Dionysus craves supremacy at Pentheus’ expense. In contrast to the king’s formality and restrictiveness, Dionysus promotes freedom, ecstasy, music and dance, elements which spell anarchy and a personal insult for Pentheus. This god encourages his disciples to seek “the pleasures of Aphrodite” (451-459) and makes his sacred religion sound universal, encompassing Lydia, Persia, Medea, Arabia and all of Asia (13-22). He has benefited mankind by giving man wine to forget his worries (280-283) and his worship is related to the miraculous. It is claimed that at his command milk, honey, water and wine are reported to flow out of the earth on his sacred Mount Cithaeron (141-143). By his power also, the vine around his mother Semele’s tomb flourishes instantly; an earthquake demolishes part of the royal palace, opening chains and barred doors to freedom for the imprisoned bacchants. The miracles are intended to show Dionysus’ divine powers. It is alleged that he also has the power to transform himself into diverse animals (918). The odds presented by Dionysus against Pentheus are great. How can a mortal king defy a god who performs miracles, disguises himself as a mortal “stranger”, sends women hysterically wild and is welcomed by the Thebans and the royal family?
Pentheus’ mother Agave with her two sisters and grand father Cadmus accept the new god and join in his worship, adding further insult to the king. Cadmus is thrilled by the thought of the splendour that will come to the royal family when his dead daughter Semele will turn out to be the mother of his grand son Dionysus:
“for since he is the child of my daughter’s womb
we must magnify him and make him
as important as we can.”
(181-183)
Like Cadmus, the blind seer Tiresias tries to show Pentheus that the joy of living and the realm of ecstasy are as essential as the king’s rules and values:
“You see how you are pleased, when the multitude
throngs the palace doors,
and the city magnifies the name of Pentheus;
so Dionysus too, in my opinion delights in being honoured.”
(319-321)
The blind man almost pleads for the king to change his attitude:
“...obey me Pentheus: do not be too confident that
sovereignty is what rules men;
nor, if you hold an opinion, but your judgement is sick,
take that opinion for good sense. Receive the god into this land
and pour offerings, and be a bacchant, and garland your head.”
(310-313)
But Pentheus is drugged by his own pride. According to Tiresias, to refuse what Dionysus offers - wine, dance, ecstasy, joy, sleep and rest - is madness, “You are raving mad” (359). The limping old man assures Pentheus that the god expects honour from young and old (206-208), stresses Pentheus’ aggressiveness and prophesies the god’s inevitable future glory (270-274).

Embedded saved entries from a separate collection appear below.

(* Put U = exp phi.  The first-order equation U' = c (U^(-q/2) - U^(q/2)) with c = sqrt (2/q)
   becomes the autonomous equation phi' = h (phi) with h p = c (exp (-(q/2+1) p) - exp ((q/2-1) p)),
   and differentiating it once more gives -U'' = U^(-q-1) - U^(q-1) because c^2 q/2 = 1.
   The equilibrium 0 of h attracts exponentially, p h p <= -k p^2, so |phi x| <= |phi 0| exp (-k x);
   this exponential decay of U - 1 and U' implies rapid convergence.  For phi 0 < 0 the solution
   is the inverse of G s = int_(phi 0)^s dt / h t, which is defined on all of [0, oo) because
   h t = O(|t|) makes G diverge as s -> 0-; the case phi 0 > 0 follows by the symmetry p |-> -p. *)

Lemma exp_le_exp (x y : R) : x <= y -> exp x <= exp y.
Proof.
  intros [Hlt | ->]; [left; apply exp_increasing, Hlt | right; reflexivity].
Qed.

Lemma Rabs_exp_sub1_le (p : R) : Rabs (exp p - 1) <= Rabs p * exp (Rabs p).
Proof.
  pose proof (exp_ineq1_le p) as Hp. pose proof (exp_ineq1_le (- p)) as Hn.
  assert (Einv : exp (- p) * exp p = 1)
    by (rewrite <- exp_plus, Rplus_opp_l; apply exp_0).
  pose proof (exp_pos p).
  destruct (Rle_lt_dec 0 p) as [Hp0|Hp0].
  - rewrite (Rabs_pos_eq p Hp0), Rabs_pos_eq by lra. nra.
  - assert (exp p < 1) by (rewrite <- exp_0; apply exp_increasing; lra).
    rewrite (Rabs_left p Hp0), Rabs_left by lra. nra.
Qed.

Lemma Rabs_exp_mul_sub1_le (a r p : R) : Rabs p <= r ->
  Rabs (exp (a * p) - 1) <= Rabs a * exp (Rabs a * r) * Rabs p.
Proof.
  intros Hp. eapply Rle_trans; [apply Rabs_exp_sub1_le|].
  rewrite Rabs_mult.
  assert (exp (Rabs a * Rabs p) <= exp (Rabs a * r)).
  { apply exp_le_exp. apply Rmult_le_compat_l; [apply Rabs_pos | exact Hp]. }
  replace (Rabs a * exp (Rabs a * r) * Rabs p) with (Rabs a * Rabs p * exp (Rabs a * r)) by ring.
  apply Rmult_le_compat_l; [apply Rmult_le_pos; apply Rabs_pos | assumption].
Qed.

Lemma is_lim_exp_neg_mul_Rpower (k m : R) : 0 < k ->
  is_lim (fun x => exp (- k * x) * Rpower x m) p_infty 0.
Proof.
  intros Hk.
  apply (is_lim_ext_loc (fun x => exp (x * (m * (ln x / x) + - k)))).
  { exists 0; intros x Hx. unfold Rpower. rewrite <- exp_plus. f_equal. field. lra. }
  apply (is_lim_comp exp _ p_infty 0 m_infty); [exact is_lim_exp_m| |].
  - replace m_infty with (Rbar_mult p_infty (m * 0 + - k)).
    2: { simpl. destruct (Rle_dec 0 (m * 0 + - k)); [exfalso; nra | reflexivity]. }
    apply is_lim_mult; [apply is_lim_id| |].
    + apply (is_lim_plus _ _ _ (m * 0) (- k)); [| apply is_lim_const | reflexivity].
      apply (is_lim_scal_l _ m p_infty 0 is_lim_div_ln_p).
    + simpl. lra.
  - exists 0; intros x _; discriminate.
Qed.

Definition exp_decay (f : R -> R) (L k : R) : Prop :=
  exists C, forall x, 0 <= x -> Rabs (f x - L) <= C * exp (- k * x).

Lemma exp_decay_rapid_conv (f : R -> R) (L k : R) : 0 < k -> exp_decay f L k -> rapid_conv f L.
Proof.
  intros Hk [C Hf] m.
  apply (is_lim_le_le_loc (fun _ => 0) (fun x => C * (exp (- k * x) * Rpower x m))).
  - exists 0; intros x Hx.
    assert (0 < Rpower x m) by apply exp_pos.
    split; [apply Rmult_le_pos; [apply Rabs_pos | lra]|].
    rewrite <- Rmult_assoc. apply Rmult_le_compat_r; [lra | apply Hf; lra].
  - apply is_lim_const.
  - replace (Finite 0) with (Rbar_mult C 0) by (simpl; f_equal; ring).
    apply is_lim_scal_l, is_lim_exp_neg_mul_Rpower, Hk.
Qed.

Lemma rapid_conv_is_lim (f : R -> R) (L : R) : rapid_conv f L -> is_lim f p_infty L.
Proof.
  intros Hf. apply is_lim_spec. intros eps.
  destruct (proj2 (is_lim_spec _ _ _) (Hf 0) eps) as [M HM].
  exists M; intros x Hx. specialize (HM x Hx).
  unfold Rpower in HM. rewrite Rmult_0_l, exp_0, Rmult_1_r, Rminus_0_r, Rabs_Rabsolu in HM.
  exact HM.
Qed.

Lemma exp_decay_comp (g phi : R -> R) (L K A k : R) :
  (forall p, Rabs p <= A -> Rabs (g p - L) <= K * Rabs p) ->
  (forall x, 0 <= x -> Rabs (phi x) <= A * exp (- k * x)) -> 0 < k ->
  exp_decay (fun x => g (phi x)) L k.
Proof.
  intros Hg Hphi Hk. exists (Rabs K * A). intros x Hx.
  assert (exp (- k * x) <= 1) by (rewrite <- exp_0; apply exp_le_exp; nra).
  pose proof (Rabs_pos (phi x)). pose proof (exp_pos (- k * x)). pose proof (Hphi x Hx).
  eapply Rle_trans; [apply Hg; nra|].
  eapply Rle_trans; [apply Rmult_le_compat_r; [apply Rabs_pos | apply Rle_abs]|].
  rewrite Rmult_assoc. apply Rmult_le_compat_l; [apply Rabs_pos | assumption].
Qed.

Definition exp_diff (c a b p : R) : R := c * (exp (a * p) - exp (b * p)).

Lemma is_derive_exp_diff (c a b p : R) :
  is_derive (exp_diff c a b) p (c * (a * exp (a * p) - b * exp (b * p))).
Proof. unfold exp_diff. auto_derive; [exact I | ring]. Qed.

Lemma exp_diff_lin_bound (c a b r p : R) : Rabs p <= r ->
  Rabs (exp_diff c a b p) <= Rabs c * (Rabs a * exp (Rabs a * r) + Rabs b * exp (Rabs b * r)) * Rabs p.
Proof.
  intros Hp. unfold exp_diff.
  pose proof (Rabs_exp_mul_sub1_le a r p Hp). pose proof (Rabs_exp_mul_sub1_le b r p Hp).
  replace (exp (a * p) - exp (b * p)) with ((exp (a * p) - 1) - (exp (b * p) - 1)) by ring.
  rewrite Rabs_mult. rewrite Rmult_assoc. apply Rmult_le_compat_l; [apply Rabs_pos|].
  eapply Rle_trans; [apply Rabs_triang|]. rewrite Rabs_Ropp. lra.
Qed.

Lemma exp_diff_attracting (c a b p : R) : 0 <= c -> 0 <= a -> 0 <= b ->
  p * exp_diff c (- a) b p <= - (c * Rmin a b) * (p * p).
Proof.
  intros Hc Ha Hb. unfold exp_diff.
  pose proof (Rmin_l a b). pose proof (Rmin_r a b). pose proof (Rmin_glb _ _ _ Ha Hb).
  destruct (Rle_lt_dec 0 p) as [Hp|Hp].
  - pose proof (exp_ineq1_le (b * p)).
    assert (exp (- a * p) <= 1) by (rewrite <- exp_0; apply exp_le_exp; nra).
    assert (exp (- a * p) - exp (b * p) <= - Rmin a b * p) by nra.
    assert (0 <= c * p) by nra. nra.
  - pose proof (exp_ineq1_le (- a * p)).
    assert (exp (b * p) <= 1) by (rewrite <- exp_0; apply exp_le_exp; nra).
    assert (- Rmin a b * p <= exp (- a * p) - exp (b * p)) by nra.
    assert (c * p <= 0) by nra. nra.
Qed.

Lemma rapid_conv_exp_comp (phi : R -> R) (A k : R) : 0 < k ->
  (forall x, 0 <= x -> Rabs (phi x) <= A * exp (- k * x)) ->
  rapid_conv (fun x => exp (phi x)) 1.
Proof.
  intros Hk Hphi. apply (exp_decay_rapid_conv _ _ k Hk).
  apply (exp_decay_comp exp phi 1 (exp A) A k); [| exact Hphi | exact Hk].
  intros p Hp. eapply Rle_trans; [apply Rabs_exp_sub1_le|]. rewrite Rmult_comm.
  apply Rmult_le_compat_r; [apply Rabs_pos | apply exp_le_exp, Hp].
Qed.

Lemma rapid_conv_exp_diff_comp (phi : R -> R) (c a b A k : R) : 0 < k ->
  (forall x, 0 <= x -> Rabs (phi x) <= A * exp (- k * x)) ->
  rapid_conv (fun x => exp_diff c a b (phi x)) 0.
Proof.
  intros Hk Hphi. apply (exp_decay_rapid_conv _ _ k Hk).
  eapply exp_decay_comp; [| exact Hphi | exact Hk].
  intros p Hp. rewrite Rminus_0_r. apply exp_diff_lin_bound, Hp.
Qed.

Lemma nondecreasing_of_derive_ge0 (f df : R -> R) (a b : R) : a <= b ->
  (forall x, a <= x <= b -> is_derive f x (df x)) ->
  (forall x, a <= x <= b -> 0 <= df x) -> f a <= f b.
Proof.
  intros Hab Hf Hdf.
  destruct (MVT_gen f a b df) as [xi [Hxi Hmvt]];
    rewrite ?Rmin_left, ?Rmax_right in * by lra.
  - intros x Hx. apply Hf; lra.
  - intros x Hx. apply continuity_pt_filterlim, (ex_derive_continuous f).
    exists (df x); apply Hf; lra.
  - pose proof (Hdf xi Hxi). nra.
Qed.

Section RightInverse.

Variables (G g phi : R -> R) (a b c : R).
Hypothesis G_derive : forall t, a < t < b -> is_derive G t (g t).
Hypothesis g_pos : forall t, a < t < b -> 0 < g t.
Hypothesis phi_right_inverse : forall y, c < y -> a < phi y < b /\ G (phi y) = y.

Let G_incr s t : a < s -> s < t -> t < b -> G s < G t.
Proof.
  intros Hs Hst Ht.
  apply (incr_function G a b g); simpl; intros; [apply G_derive | apply g_pos | ..]; lra.
Qed.

Let G_continuous t : a < t < b -> continuity_pt G t.
Proof.
  intros Ht. apply continuity_pt_filterlim, (ex_derive_continuous G).
  exists (g t); apply G_derive, Ht.
Qed.

Let right_inverse_lt y1 y2 : c < y1 -> y1 < y2 -> phi y1 < phi y2.
Proof.
  intros H1 H12.
  destruct (phi_right_inverse y1 H1) as [R1 E1], (phi_right_inverse y2 ltac:(lra)) as [R2 E2].
  destruct (Rlt_le_dec (phi y1) (phi y2)) as [L|[L|L]]; [exact L | |].
  - pose proof (G_incr (phi y2) (phi y1) ltac:(lra) L ltac:(lra)). lra.
  - rewrite L in E2. lra.
Qed.

Let right_inverse_le y1 y2 : c < y1 -> y1 <= y2 -> phi y1 <= phi y2.
Proof. intros H1 [H12 | <-]; [left; apply right_inverse_lt | right]; auto. Qed.

Lemma is_derive_right_inverse y : c < y -> is_derive phi y (/ g (phi y)).
Proof.
  intros Hy.
  set (lb := (c + y) / 2). set (ub := y + 1).
  destruct (phi_right_inverse lb ltac:(unfold lb; lra)) as [Rl El].
  destruct (phi_right_inverse ub ltac:(unfold ub; lra)) as [Ru Eu].
  assert (inverse_on : forall z, lb <= z <= ub -> comp G phi z = id z).
  { intros z Hz. unfold comp, id. apply phi_right_inverse. unfold lb in Hz. lra. }
  assert (range_on : forall z, lb <= z <= ub -> phi lb <= phi z <= phi ub).
  { intros z Hz. split; apply right_inverse_le; unfold lb in *; lra. }
  assert (Hy_range : phi lb <= phi y <= phi ub) by (apply range_on; unfold lb, ub; lra).
  assert (Prf : forall t, phi lb <= t <= phi ub -> derivable_pt G t).
  { intros t Ht. exists (g t). apply is_derive_Reals, G_derive. lra. }
  assert (phi_cont : continuity_pt phi y).
  { apply (continuity_pt_recip_interv G phi (phi lb) (phi ub)).
    - apply right_inverse_lt; unfold lb, ub; lra.
    - intros s t Hs Hst Ht. apply G_incr; lra.
    - intros z Hz1 Hz2. rewrite El, Eu in *. apply inverse_on; lra.
    - intros z Hz1 Hz2. rewrite El, Eu in *. apply range_on; lra.
    - intros t Ht. apply G_continuous; lra.
    - rewrite El, Eu. unfold lb, ub; lra. }
  assert (Hd : derive_pt G (phi y) (Prf (phi y) Hy_range) = g (phi y)).
  { apply derive_pt_eq_0, is_derive_Reals, G_derive. lra. }
  assert (Hgy : 0 < g (phi y)) by (apply g_pos; lra).
  pose proof (derivable_pt_lim_recip_interv G phi lb ub y Prf phi_cont
    ltac:(unfold lb, ub; lra) ltac:(unfold lb, ub; lra) Hy_range inverse_on
    ltac:(rewrite Hd; lra)) as Hinv.
  rewrite Hd in Hinv. apply is_derive_Reals in Hinv.
  unfold Rdiv in Hinv. rewrite Rmult_1_l in Hinv. exact Hinv.
Qed.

Everyone seems to be against Pentheus. He introduces himself as a conservative guardian of traditional values. The chorus, however, denounces him as an “unholy man” (613), exposing the city to divine retribution and urges the “swift hounds of frenzy” to destroy the blasphemer (977). In contrast, it praises Dionysus for letting people be one with nature (862-876). Even the servant who arrests Dionysus disguised as a Theban stranger feels ashamed of his act, “this beast [Dionysus] we found was gentle” (436).

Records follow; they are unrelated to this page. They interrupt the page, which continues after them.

Lemma is_level_roots_of_unity A B L : (0 < L)%N ->
  (forall z, is_pole A B z -> z ^+ L = 1) ->
  (forall z, L.-primitive_root z -> is_pole A B z) -> is_level A B L.
Proof.
move=> L_gt0 poles_unity prim_poles; split=> [z /poles_unity zL | m poles_m].
  by have [n prim_n dvd_nL] := prim_order_exists L_gt0 zL; exists n.
have [z prim_z] : exists z : R[i], L.-primitive_root z.
  by apply: prim_root_exists; rewrite ?pnatr_eq0 -?lt0n.
have [n [prim_n dvd_nm]] := poles_m z (prim_poles z prim_z).
by rewrite (prim_order_dvd prim_z) -(prim_order_dvd prim_n).
Qed.

End Poles.

Section GeneratingFunctionLevel.
Variables (R : rcfType) (L j : nat).
Hypothesis L_gt0 : (0 < L)%N.
Local Notation G k := (gfun R L k j).

Lemma gfun_pole k (z : R[i]) : z ^+ L = 1 -> is_pole (G k).1 (G k).2 z.
Proof.
move=> zL; apply: (is_pole_cross (gfun_den_neq0 R j L_gt0 k) (gfun_cross R j L_gt0 k)).
  by rewrite rootE cpolyXn cpoly_onemXn !hornerE zL subrr expr0n.
have /dvdpP [Q /eqP] := gnum_mod R j L_gt0 k; rewrite subr_eq => /eqP ->.
rewrite rootE cpolyD cpoly_natXn cpolyM cpoly_onemXn !hornerE zL subrr mulr0 add0r.
have z_neq0 : z != 0.
  by apply: contra_eq_neq zL => ->; rewrite expr0n gtn_eqF // eq_sym oner_eq0.
rewrite -polyC_natr hornerC mulf_neq0 ?expf_neq0 //.
by rewrite pnatr_eq0 -lt0n muln_gt0 fact_gt0 expn_gt0 L_gt0.
Qed.

Lemma gfun_level k : is_level (G k).1 (G k).2 L.
Proof.
apply: is_level_roots_of_unity => // [z /is_pole_root_den | z /prim_expr_order].
  rewrite gfun_den cpolyXn cpoly_onemXn rootE !hornerE.
  by rewrite expf_eq0 subr_eq0 => /andP [_ /eqP/esym].
exact: gfun_pole.
Qed.

End GeneratingFunctionLevel.

Section Span.
Variables (R : rcfType) (L : nat).
Hypothesis L_gt0 : (0 < L)%N.
Local Notation D := (onemXn L : {poly R}).
Local Notation G k j := (gfun R L k j).

Lemma ratf_gfun k j : ratf (G k j).1 (G k j).2 = ratf (gnum L j k) (D ^+ k.+1).
Proof.
apply: ratf_cross (gfun_cross R j L_gt0 k); first exact: gfun_den_neq0.
by rewrite expf_neq0 // onemXn_neq0.
Qed.

Lemma gnum_reduction K (N : {poly R}) : (size N <= K.+1 * L)%N ->
  exists (c : nat -> R) (M : {poly R}),
    (size M <= K * L)%N /\ N = \sum_(j < L) c j *: gnum L j K + M * D.
Proof.
(* Since gnum L j K = K! L^K x^j modulo D, the remainder of N modulo D is
   cancelled by a combination of the gnum L j K. *)
move=> size_N; set cK : R := (K`! * L ^ K)%:R.
have cK_neq0 : cK != 0 by rewrite pnatr_eq0 -lt0n muln_gt0 fact_gt0 expn_gt0 L_gt0.
set r := N %% D; pose c j := r`_j / cK.
set S := \sum_(j < L) c j *: gnum L j K.
have r_expand : r = \sum_(j < L) (c j * cK) *: 'X^j.
  have size_r : (size r <= L)%N.
    by rewrite -ltnS -(size_onemXn R L_gt0) ltn_modpN0 ?onemXn_neq0.
  rewrite -(take_poly_id size_r) /take_poly poly_def.
  by apply: eq_bigr => j _; rewrite divfK.
have D_dvd : D %| N - S.
  set T := \sum_(j < L) c j *: (gnum L j K - cK *: 'X^j).
  have -> : S = T + r.
    by rewrite r_expand -big_split /=; apply: eq_bigr => j _; rewrite scalerBr scalerA subrK.
  have -> : N - (T + r) = N %/ D * D - T by rewrite {1}(divp_eq N D) -/r; ring.
  rewrite dvdp_sub ?dvdp_mull //; apply: (big_ind (fun p => D %| p)) => [|p q|j _].
  - exact: dvdp0.
  - exact: dvdp_add.
  - by rewrite -mul_polyC dvdp_mull // scaler_nat -mulr_natl gnum_mod.
exists c, ((N - S) %/ D); split; last by rewrite divpK // addrC subrK.
rewrite size_divp ?onemXn_neq0 // (size_onemXn R L_gt0) leq_subLR -mulSn.
rewrite (leq_trans (size_polyD _ _)) // geq_max size_N size_polyN.
apply: leq_trans (size_sum _ _ _) _; apply/bigmax_leqP => j _.
by rewrite (leq_trans (size_scale_leq _ _)) ?size_gnum.
Qed.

When Pentheus succumbs to Dionysus’ urging and dresses up as a female bacchant to spy upon the bacchants, he loses his integrity and becomes deranged. He develops double vision. Dionysus appears to him like a bull with two horns (918-922). I feel that Pentheus’ desire to see the bacchants is less a type of voyeurism than a necessity for him to investigate for himself how the women devotees can live such a free and easy life, unrestricted by laws and traditional values. Dionysus convinces Pentheus by pampering him with the suggestion that by dressing up and thus confraternising with Dionysus and his worshippers, he has regained his sanity:
“your previous state of mind was not normal,
but now you have the one you need.”
(947-948)
The king deplores the excesses of the new religion and he is only prepared to watch. But now he has gone too far and Dionysus sees his quarry “moving into the net...and to his death” (847-848). Mad Pentheus is utterly in the god’s hands, “On you [Dionysus] we now depend” (934). The hunter has become the beast to be torn to pieces.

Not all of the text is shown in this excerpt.